Abstract:Although large language models (LLMs) have advanced the state-of-the-art in NLP significantly, deploying them for downstream applications is still challenging due to cost, responsiveness, control, or concerns around privacy and security. As such, trainable models are still the preferred option in some cases. However, these models still require human-labeled data for optimal performance, which is expensive and time-consuming to obtain. In order to address this issue, several techniques to reduce human effort involve labeling or generating data using LLMs. Although these methods are effective for certain applications, in practice they encounter difficulties in real-world scenarios. Labeling data requires careful data selection, while generating data necessitates task-specific prompt engineering. In this paper, we propose a unified data creation pipeline that requires only a single formatting example, and which is applicable to a broad range of tasks, including traditionally problematic ones with semantically devoid label spaces. In our experiments we demonstrate that instruction-following LLMs are highly cost-effective data creators, and that models trained with these data exhibit performance better than those trained with human-labeled data (by up to 17.5%) on out-of-distribution evaluation, while maintaining comparable performance on in-distribution tasks. These results have important implications for the robustness of NLP systems deployed in the real-world.

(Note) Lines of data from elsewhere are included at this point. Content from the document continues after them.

(* Let $A,M\in\mathbb{C}^{n\times n}$ be Hermitian with $M$ positive definite, and let the eigenvalues of the pair $(A,M)$ be $\lambda_1<\lambda_2\le\cdots\le\lambda_n$. Put $A_{\lambda_1}=A-\lambda_1 M$. Let $T\in\mathbb{C}^{n\times n}$ be Hermitian positive definite. Let $x^{(0)}\in\mathbb{C}^n$ be neither an eigenvector of $(A,M)$ associated with $\lambda_1$ nor $M$-orthogonal to the eigenspace associated with $\lambda_1$, and let $x^{(0)},x^{(1)},\ldots$ be the iterates of the following heuristic preconditioned CG iteration (for as long as it is defined): set $r^{(0)}=-A_{\lambda_1}x^{(0)}$, $\gamma^{(0)}=(Tr^{(0)})^*r^{(0)}$, $p^{(0)}=Tr^{(0)}$, and for $i=0,1,\ldots$: $w=A_{\lambda_1}p^{(i)}$, $\delta=\gamma^{(i)}/(w^*p^{(i)})$, $x^{(i+1)}=x^{(i)}+\delta p^{(i)}$, $r^{(i+1)}=r^{(i)}-\delta w$, $\gamma^{(i+1)}=(Tr^{(i+1)})^*r^{(i+1)}$, $p^{(i+1)}=Tr^{(i+1)}+(\gamma^{(i+1)}/\gamma^{(i)})p^{(i)}$. Define $B=T^{1/2}A_{\lambda_1}T^{1/2}$ and let $V$ be an arbitrary matrix whose columns form an orthonormal basis of the image $\operatorname{im}(B)$. Then the vectors $\tilde{x}^{(i)}=V^*T^{-1/2}x^{(i)}$, $i=0,1,\ldots$, are the iterates of the standard (non-preconditioned) conjugate gradient method applied to the linear system $\tilde{B}\tilde{x}=0$ with $\tilde{B}=V^*BV$ and initial guess $\tilde{x}^{(0)}$.
   Context: $T^{1/2}$ denotes the Hermitian positive definite square root of $T$. The asterisk denotes the conjugate transpose. *)

From HB Require Import structures.
From mathcomp Require Import all_boot all_order all_algebra.
From mathcomp Require Import reals.
From mathcomp Require Import complex.
Set Implicit Arguments. Unset Strict Implicit. Unset Printing Implicit Defensive.
Import Order.TTheory GRing.Theory Num.Theory.
Local Open Scope ring_scope.

Section Defs.
Variable R : realType.
Local Notation C := R[i].

Definition ctmx (m n : nat) (A : 'M[C]_(m, n)) : 'M[C]_(n, m) :=
  (map_mx (fun z : C => z^*) A)^T.

Definition cdot (n : nat) (u v : 'cV[C]_n) : C := (ctmx u *m v) 0 0.

Definition herm_mx (n : nat) (A : 'M[C]_n) : Prop := ctmx A = A.

Definition hpd (n : nat) (A : 'M[C]_n) : Prop :=
  herm_mx A /\ forall x : 'cV[C]_n, x != 0 -> 0 < cdot x (A *m x).

(* characteristic polynomial det(A - t M) of the pencil (A, M); its roots,
   counted with multiplicity, are the eigenvalues of the pair (A, M) *)
Definition pencil_poly (n : nat) (A M : 'M[C]_n) : {poly C} :=
  \det (map_mx polyC A - 'X *: map_mx polyC M).

Definition cgstate (n : nat) := ('cV[C]_n * 'cV[C]_n * 'cV[C]_n * C)%type.

Definition pcg_step (n : nat) (K T : 'M[C]_n) (s : cgstate n) : cgstate n :=
  let: (x, r, p, g) := s in
  let w := K *m p in
  let d := g / cdot w p in
  let x' := x + d *: p in
  let r' := r - d *: w in
  let g' := cdot (T *m r') r' in
  let p' := T *m r' + (g' / g) *: p in
  (x', r', p', g').

Definition pcg_init (n : nat) (K T : 'M[C]_n) (x0 : 'cV[C]_n) : cgstate n :=
  let r0 := - (K *m x0) in (x0, r0, T *m r0, cdot (T *m r0) r0).

Definition pcg (n : nat) (K T : 'M[C]_n) (x0 : 'cV[C]_n) (i : nat) : cgstate n :=
  iter i (pcg_step K T) (pcg_init K T x0).

Definition pcg_x n (K T : 'M[C]_n) x0 i : 'cV[C]_n := (pcg K T x0 i).1.1.1.
Definition pcg_p n (K T : 'M[C]_n) x0 i : 'cV[C]_n := (pcg K T x0 i).1.2.
Definition pcg_g n (K T : 'M[C]_n) x0 i : C := (pcg K T x0 i).2.

(* the iterates x^(0..k) are defined: all denominators used are nonzero *)
Definition pcg_defined n (K T : 'M[C]_n) x0 (k : nat) : Prop :=
  forall i, (i < k)%N ->
    cdot (K *m pcg_p K T x0 i) (pcg_p K T x0 i) != 0 /\
    ((i.+1 < k)%N -> pcg_g K T x0 i != 0).

Definition cg_step (n : nat) (K : 'M[C]_n) (s : cgstate n) : cgstate n :=
  let: (x, r, p, g) := s in
  let w := K *m p in
  let a := g / cdot p w in
  let x' := x + a *: p in
  let r' := r - a *: w in
  let g' := cdot r' r' in
  let p' := r' + (g' / g) *: p in
  (x', r', p', g').

Definition cg_init (n : nat) (K : 'M[C]_n) (x0 : 'cV[C]_n) : cgstate n :=
  let r0 := - (K *m x0) in (x0, r0, r0, cdot r0 r0).

Definition cg (n : nat) (K : 'M[C]_n) (x0 : 'cV[C]_n) (i : nat) : cgstate n :=
  iter i (cg_step K) (cg_init K x0).

Definition cg_x n (K : 'M[C]_n) x0 i : 'cV[C]_n := (cg K x0 i).1.1.1.
Definition cg_p n (K : 'M[C]_n) x0 i : 'cV[C]_n := (cg K x0 i).1.2.
Definition cg_g n (K : 'M[C]_n) x0 i : C := (cg K x0 i).2.

Definition cg_defined n (K : 'M[C]_n) x0 (k : nat) : Prop :=
  forall i, (i < k)%N ->
    cdot (cg_p K x0 i) (K *m cg_p K x0 i) != 0 /\
    ((i.+1 < k)%N -> cg_g K x0 i != 0).

End Defs.

From mathcomp Require Import all_boot all_order all_algebra.
From mathcomp Require Import reals.
From mathcomp Require Import complex.
Import Order.TTheory GRing.Theory Num.Theory.
Local Open Scope ring_scope.
Set Implicit Arguments. Unset Strict Implicit.

(* Write K = A - l1 M, B = S K S with S = T^{1/2}, and P = V V^*,
   the orthogonal projector onto im(B).  The map
     (x, r, p, gamma) |-> (V^* S^-1 x, V^* S r, V^* S^-1 p, gamma)
   sends each state of preconditioned CG for K to the corresponding state of
   plain CG for V^* B V, as long as S r and S^-1 p stay in im(B): on that
   subspace V^* is an isometry, V^* B V (V^* S^-1 p) = V^* S K p, and both
   inner products gamma and p^* K p are preserved.  The invariant holds
   initially and is preserved because every update adds a multiple of
   S K p = B S^-1 p or of S^-1 T r = S r.  K is Hermitian, which gives
   B P = B, because l1, an eigenvalue of a Hermitian definite pencil, is
   real. *)

Section ConjugateTranspose.
Variable R : realType.
Local Notation C := R[i].

Lemma ctmxE m n (A : 'M[C]_(m, n)) i j : ctmx A i j = (A j i)^*.
Proof. by rewrite /ctmx !mxE. Qed.

Lemma ctmxK m n (A : 'M[C]_(m, n)) : ctmx (ctmx A) = A.
Proof. by apply/matrixP => i j; rewrite !ctmxE conjCK. Qed.

Lemma ctmxM m n p (A : 'M[C]_(m, n)) (B : 'M[C]_(n, p)) :
  ctmx (A *m B) = ctmx B *m ctmx A.
Proof. by rewrite /ctmx map_mxM trmx_mul. Qed.

Lemma ctmx0 m n : ctmx (0 : 'M[C]_(m, n)) = 0.
Proof. by apply/matrixP => i j; rewrite ctmxE !mxE rmorph0. Qed.

Lemma ctmx1 n : ctmx (1%:M : 'M[C]_n) = 1%:M.
Proof. by apply/matrixP => i j; rewrite ctmxE !mxE eq_sym conjC_nat. Qed.

Lemma ctmxB m n (A B : 'M[C]_(m, n)) : ctmx (A - B) = ctmx A - ctmx B.
Proof. by apply/matrixP => i j; rewrite !ctmxE !mxE rmorphB. Qed.

Lemma ctmxZ m n a (A : 'M[C]_(m, n)) : ctmx (a *: A) = a^* *: ctmx A.
Proof. by apply/matrixP => i j; rewrite !ctmxE !mxE rmorphM. Qed.

Lemma conj_cdot n (u v : 'cV[C]_n) : (cdot u v)^* = cdot v u.
Proof. by rewrite /cdot -ctmxE ctmxM ctmxK. Qed.

Lemma cdot0l n (v : 'cV[C]_n) : cdot 0 v = 0.
Proof. by rewrite /cdot ctmx0 mul0mx mxE. Qed.

Lemma cdotZr n a (u v : 'cV[C]_n) : cdot u (a *: v) = a * cdot u v.
Proof. by rewrite /cdot -scalemxAr mxE. Qed.

Lemma cdot_mulmxl m n (A : 'M[C]_(m, n)) (u : 'cV[C]_n) (v : 'cV[C]_m) :
  cdot (A *m u) v = cdot u (ctmx A *m v).
Proof. by rewrite /cdot ctmxM mulmxA. Qed.

Lemma hpd_unitmx n (S : 'M[C]_n) : hpd S -> S \in unitmx.
Proof.
case=> HS Spos; rewrite unitmxE unitfE; apply/negP => /det0P [v v_neq0 vS0].
have : ctmx v != 0.
  by apply: contraNneq v_neq0 => v0; rewrite -[v]ctmxK v0 ctmx0.
move/Spos; rewrite -{1}HS -ctmxM vS0 ctmx0.
by rewrite /cdot mulmx0 mxE ltxx.
Qed.

Lemma herm_mx_invmx n (S : 'M[C]_n) :
  S \in unitmx -> herm_mx S -> herm_mx (invmx S).
Proof.
move=> Su HS; rewrite /herm_mx -[LHS]mulmx1 -(mulmxV Su) mulmxA.
by rewrite -[X in ctmx _ *m X *m _]HS -ctmxM mulmxV // ctmx1 mul1mx.
Qed.

Lemma herm_mx_mulmx n (S K : 'M[C]_n) :
  herm_mx S -> herm_mx K -> herm_mx (S *m K *m S).
Proof. by move=> HS HK; rewrite /herm_mx !ctmxM HS HK mulmxA. Qed.

Lemma pencil_eigenvalue_real n (A M : 'M[C]_n) l (y : 'cV[C]_n) :
  herm_mx A -> hpd M -> y != 0 -> (A - l *: M) *m y = 0 -> l^* = l.
Proof.
move=> HA [HM Mpos] y_neq0 Ky0.
have Ay : A *m y = l *: (M *m y).
  by apply/eqP; rewrite -subr_eq0 scalemxAl -mulmxBl Ky0.
have yMy_real : (cdot y (M *m y))^* = cdot y (M *m y).
  by rewrite conj_cdot cdot_mulmxl HM.
have : (cdot y (A *m y))^* = cdot y (A *m y).
  by rewrite conj_cdot cdot_mulmxl HA.
rewrite Ay cdotZr => lyMy_real.
apply: (mulIf (lt0r_neq0 (Mpos _ y_neq0))).
by rewrite -lyMy_real -{1}yMy_real rmorphM.
Qed.

Lemma herm_mx_pencil n (A M : 'M[C]_n) l :
  herm_mx A -> herm_mx M -> l^* = l -> herm_mx (A - l *: M).
Proof. by move=> HA HM Hl; rewrite /herm_mx ctmxB ctmxZ HA HM Hl. Qed.

Lemma orthonormal_basis_projector m n (V : 'M[C]_(n, m)) (B : 'M[C]_n) :
  ctmx V *m V = 1%:M -> (B^T <= V^T)%MS -> V *m ctmx V *m B = B.
Proof.
move=> HV /submxP [D BVD].
have -> : B = V *m D^T by rewrite -[B]trmxK BVD trmx_mul trmxK.
by rewrite -mulmxA (mulmxA (ctmx V)) HV mul1mx.
Qed.

Lemma mulmx_projector_herm m n (V : 'M[C]_(n, m)) (B : 'M[C]_n) :
  herm_mx B -> V *m ctmx V *m B = B -> B *m (V *m ctmx V) = B.
Proof.
move=> HB PB; apply: (can_inj (@ctmxK n n)).
by rewrite ctmxM HB ctmxM ctmxK PB.
Qed.

End ConjugateTranspose.

Section PcgAsCg.
Variables (R : realType) (n m : nat).
Local Notation C := R[i].
Variables (K T S : 'M[C]_n) (V : 'M[C]_(n, m)).
Hypotheses (HK : herm_mx K) (HS : herm_mx S) (Su : S \in unitmx).
Hypothesis ST : S *m S = T.
Hypothesis PB : V *m ctmx V *m (S *m K *m S) = S *m K *m S.

Local Notation Si := (invmx S).
Local Notation Bt := (ctmx V *m (S *m K *m S) *m V).

Definition in_range (u : 'cV[C]_n) : Prop := V *m (ctmx V *m u) = u.

Definition pcg_in_range (s : cgstate R n) : Prop :=
  let: (_, r, p, _) := s in in_range (S *m r) /\ in_range (Si *m p).

Definition cg_of_pcg (s : cgstate R n) : cgstate R m :=
  let: (x, r, p, g) := s in
  (ctmx V *m Si *m x, ctmx V *m S *m r, ctmx V *m Si *m p, g).

Lemma invmx_mulT (r : 'cV[C]_n) : Si *m (T *m r) = S *m r.
Proof. by rewrite -ST -!mulmxA (mulmxA Si) mulVmx ?mul1mx. Qed.

Lemma mulmx_SK (u : 'cV[C]_n) : S *m (K *m u) = S *m K *m S *m (Si *m u).
Proof. by rewrite -!mulmxA (mulmxA S Si) mulmxV ?mul1mx. Qed.

Lemma in_range_SK (u : 'cV[C]_n) : in_range (S *m (K *m u)).
Proof. by rewrite /in_range mulmx_SK (mulmxA (ctmx V)) !(mulmxA V) PB. Qed.

Lemma in_rangeB (u v : 'cV[C]_n) a :
  in_range u -> in_range v -> in_range (u - a *: v).
Proof. by rewrite /in_range !mulmxBr -!scalemxAr => -> ->. Qed.

Lemma in_rangeD (u v : 'cV[C]_n) a :
  in_range u -> in_range v -> in_range (u + a *: v).
Proof. by rewrite /in_range !mulmxDr -!scalemxAr => -> ->. Qed.

Lemma B_mulmx_projector : S *m K *m S *m (V *m ctmx V) = S *m K *m S.
Proof. exact: mulmx_projector_herm (herm_mx_mulmx HS HK) PB. Qed.

Lemma mulBt_cg_of_pcg (p : 'cV[C]_n) :
  Bt *m (ctmx V *m Si *m p) = ctmx V *m S *m (K *m p).
Proof.
rewrite -(mulmxA (ctmx V) Si) -(mulmxA _ V) (mulmxA V) -(mulmxA (ctmx V)).
by rewrite (mulmxA (S *m K *m S)) B_mulmx_projector -mulmx_SK mulmxA.
Qed.

Lemma cdot_residual_cg_of_pcg (r : 'cV[C]_n) : in_range (S *m r) ->
  cdot (ctmx V *m S *m r) (ctmx V *m S *m r) = cdot (T *m r) r.
Proof.
move=> Hr; rewrite -!mulmxA /cdot ctmxM ctmxK -mulmxA Hr.
by rewrite -ST !ctmxM HS !mulmxA.
Qed.

Lemma cdot_direction_cg_of_pcg (p : 'cV[C]_n) : in_range (Si *m p) ->
  cdot (ctmx V *m Si *m p) (Bt *m (ctmx V *m Si *m p)) = cdot (K *m p) p.
Proof.
move=> Hp; rewrite mulBt_cg_of_pcg -!(mulmxA (ctmx V)) -cdot_mulmxl Hp.
rewrite cdot_mulmxl HK [LHS]cdot_mulmxl (herm_mx_invmx Su HS).
by rewrite mulmxA mulVmx // mul1mx.
Qed.

Lemma pcg_init_in_range x0 : pcg_in_range (pcg_init K T x0).
Proof. by split; rewrite ?invmx_mulT -mulmxN; apply: in_range_SK. Qed.

Lemma cg_init_of_pcg x0 :
  cg_init Bt (ctmx V *m Si *m x0) = cg_of_pcg (pcg_init K T x0).
Proof.
have [Hr _] := pcg_init_in_range x0.
rewrite /cg_init /pcg_init /= mulmxN mulBt_cg_of_pcg -mulmxN.
rewrite cdot_residual_cg_of_pcg //.
by rewrite -(mulmxA _ Si (T *m _)) invmx_mulT mulmxA.
Qed.

Lemma pcg_step_in_range s : pcg_in_range s -> pcg_in_range (pcg_step K T s).
Proof.
case: s => [[[x r] p] g] [Hr Hp] /=; set d := _ / _.
have Hr' : in_range (S *m (r - d *: (K *m p))).
  by rewrite mulmxBr -scalemxAr; apply: in_rangeB Hr (in_range_SK _).
by split; rewrite // mulmxDr -scalemxAr invmx_mulT; apply: in_rangeD.
Qed.

Lemma cg_step_of_pcg s : pcg_in_range s ->
  cg_step Bt (cg_of_pcg s) = cg_of_pcg (pcg_step K T s).
Proof.
case: s => [[[x r] p] g] Hs; have [Hr' _] := pcg_step_in_range Hs.
case: Hs Hr' => [Hr Hp] /= Hr'.
rewrite cdot_direction_cg_of_pcg // mulBt_cg_of_pcg.
set d := g / _; set r' := r - d *: (K *m p).
have -> : ctmx V *m S *m r - d *: (ctmx V *m S *m (K *m p)) = ctmx V *m S *m r'.
  by rewrite mulmxBr scalemxAr.
rewrite cdot_residual_cg_of_pcg //.
congr (_, _, _, _); rewrite mulmxDr scalemxAr //.
by rewrite -(mulmxA _ Si (T *m _)) invmx_mulT mulmxA.
Qed.

Lemma cg_of_pcg_iter x0 i :
  pcg_in_range (pcg K T x0 i) /\
  cg Bt (ctmx V *m Si *m x0) i = cg_of_pcg (pcg K T x0 i).
Proof.
elim: i => [|i [Hi IHi]].
  by split; [apply: pcg_init_in_range | apply: cg_init_of_pcg].
rewrite /pcg /cg !iterS -/(pcg K T x0 i) -/(cg _ _ i) IHi.
by split; [apply: pcg_step_in_range | apply: cg_step_of_pcg].
Qed.

Lemma cg_x_of_pcg x0 i :
  ctmx V *m Si *m pcg_x K T x0 i = cg_x Bt (ctmx V *m Si *m x0) i.
Proof.
by rewrite /cg_x (cg_of_pcg_iter x0 i).2 /pcg_x; case: (pcg K T x0 i) => [[[]]].
Qed.

Lemma cg_defined_of_pcg x0 k :
  pcg_defined K T x0 k -> cg_defined Bt (ctmx V *m Si *m x0) k.
Proof.
move=> Hdef i ik; have [Hi cgE] := cg_of_pcg_iter x0 i.
move: (Hdef i ik); rewrite /cg_p /cg_g cgE /pcg_p /pcg_g.
case: (pcg K T x0 i) Hi => [[[x r] p] g] [_ Hp] /=.
by rewrite cdot_direction_cg_of_pcg.
Qed.

End PcgAsCg.

Theorem lemma2p1 (R : realType) (n : nat) (A M T S : 'M[R[i]]_n) (l1 : R[i])
  (x0 : 'cV[R[i]]_n) (m : nat) (V : 'M[R[i]]_(n, m)) :
  herm_mx A -> hpd M ->
  (* l1 is an eigenvalue of (A, M), it is the smallest one and it is simple *)
  root (pencil_poly A M) l1 ->
  (forall mu : R[i], root (pencil_poly A M) mu -> l1 <= mu) ->
  mup l1 (pencil_poly A M) = 1%N ->
  hpd T ->
  (* S = T^{1/2}: the Hermitian positive definite square root of T *)
  hpd S -> S *m S = T ->
  (* x0 is not an eigenvector associated with l1 *)
  ~ (x0 != 0 /\ (A - l1 *: M) *m x0 = 0) ->
  (* x0 is not M-orthogonal to the eigenspace associated with l1 *)
  (exists y : 'cV[R[i]]_n, (A - l1 *: M) *m y = 0 /\ cdot y (M *m x0) != 0) ->
  (* columns of V form an orthonormal basis of im(B), B = S (A - l1 M) S *)
  ctmx V *m V = 1%:M ->
  (V^T == (S *m (A - l1 *: M) *m S)^T)%MS ->
  forall k : nat, pcg_defined (A - l1 *: M) T x0 k ->
    let Bt := ctmx V *m (S *m (A - l1 *: M) *m S) *m V in
    let xt0 := ctmx V *m invmx S *m x0 in
    cg_defined Bt xt0 k /\
    forall i, (i <= k)%N ->
      ctmx V *m invmx S *m pcg_x (A - l1 *: M) T x0 i = cg_x Bt xt0 i.
Proof.
move=> HA HM _ _ _ _ HS ST _ [y [Ky0 yMx0]] HV /andP[_ HBV] k Hdef Bt xt0.
have y_neq0 : y != 0 by apply: contraNneq yMx0 => ->; rewrite cdot0l.
have HK := herm_mx_pencil HA HM.1 (pencil_eigenvalue_real HA HM y_neq0 Ky0).
have PB := orthonormal_basis_projector HV HBV.
have Su := hpd_unitmx HS.
split; first exact: cg_defined_of_pcg HK HS.1 Su ST PB x0 k Hdef.
by move=> i _; apply: cg_x_of_pcg HK HS.1 Su ST PB x0 i.
Qed.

What problem does this paper attempt to address?

The problem that this paper attempts to solve is how to effectively utilize large - language models (LLMs) to generate high - quality training data in natural language processing (NLP) tasks, so as to reduce the need for manually - annotated data. Specifically, the paper focuses on using LLMs as data generators to create training data in resource - limited or specialized fields. These data can be used to train downstream models, and these models perform better in out - of - distribution (OOD) evaluations than models trained with manually - annotated data. The paper points out that although LLMs have made remarkable progress in the NLP field, there are still challenges in cost, response speed, control, privacy and security when deploying these models in practical applications. Therefore, in some cases, trainable models are still preferred. However, these models require a large amount of manually - annotated data to achieve optimal performance, which is both expensive and time - consuming. To solve this problem, some techniques attempt to reduce human effort by using LLMs to annotate or generate data. Although these methods are effective for some applications, difficulties are encountered in practical scenarios, such as data annotation requires careful selection of data, and data generation requires prompt engineering for specific tasks. To solve these problems, the paper proposes a unified data creation pipeline, which can be applied to a wide range of tasks, including traditional difficult problems with missing label - space semantics, with only one formatted example. Experimental results show that LLMs following instructions, as efficient data generators, the models trained with these data perform 17.5% better in out - of - distribution evaluations than models trained with manually - annotated data, while maintaining comparable performance in in - distribution tasks. These results are of great significance for the robustness of NLP systems deployed in the real world.

Making Large Language Models Better Data Creators

Automatic Text Labeling Method Based on Large Language Models

LLMaAA: Making Large Language Models as Active Annotators

Large Language Models for Data Annotation: A Survey

Under the Surface: Tracking the Artifactuality of LLM-Generated Data

Large Language Models for Data Annotation and Synthesis: A Survey

The Importance of Human-Labeled Data in the Era of LLMs

How to Train Data-Efficient LLMs

Can Large Language Models Design Accurate Label Functions?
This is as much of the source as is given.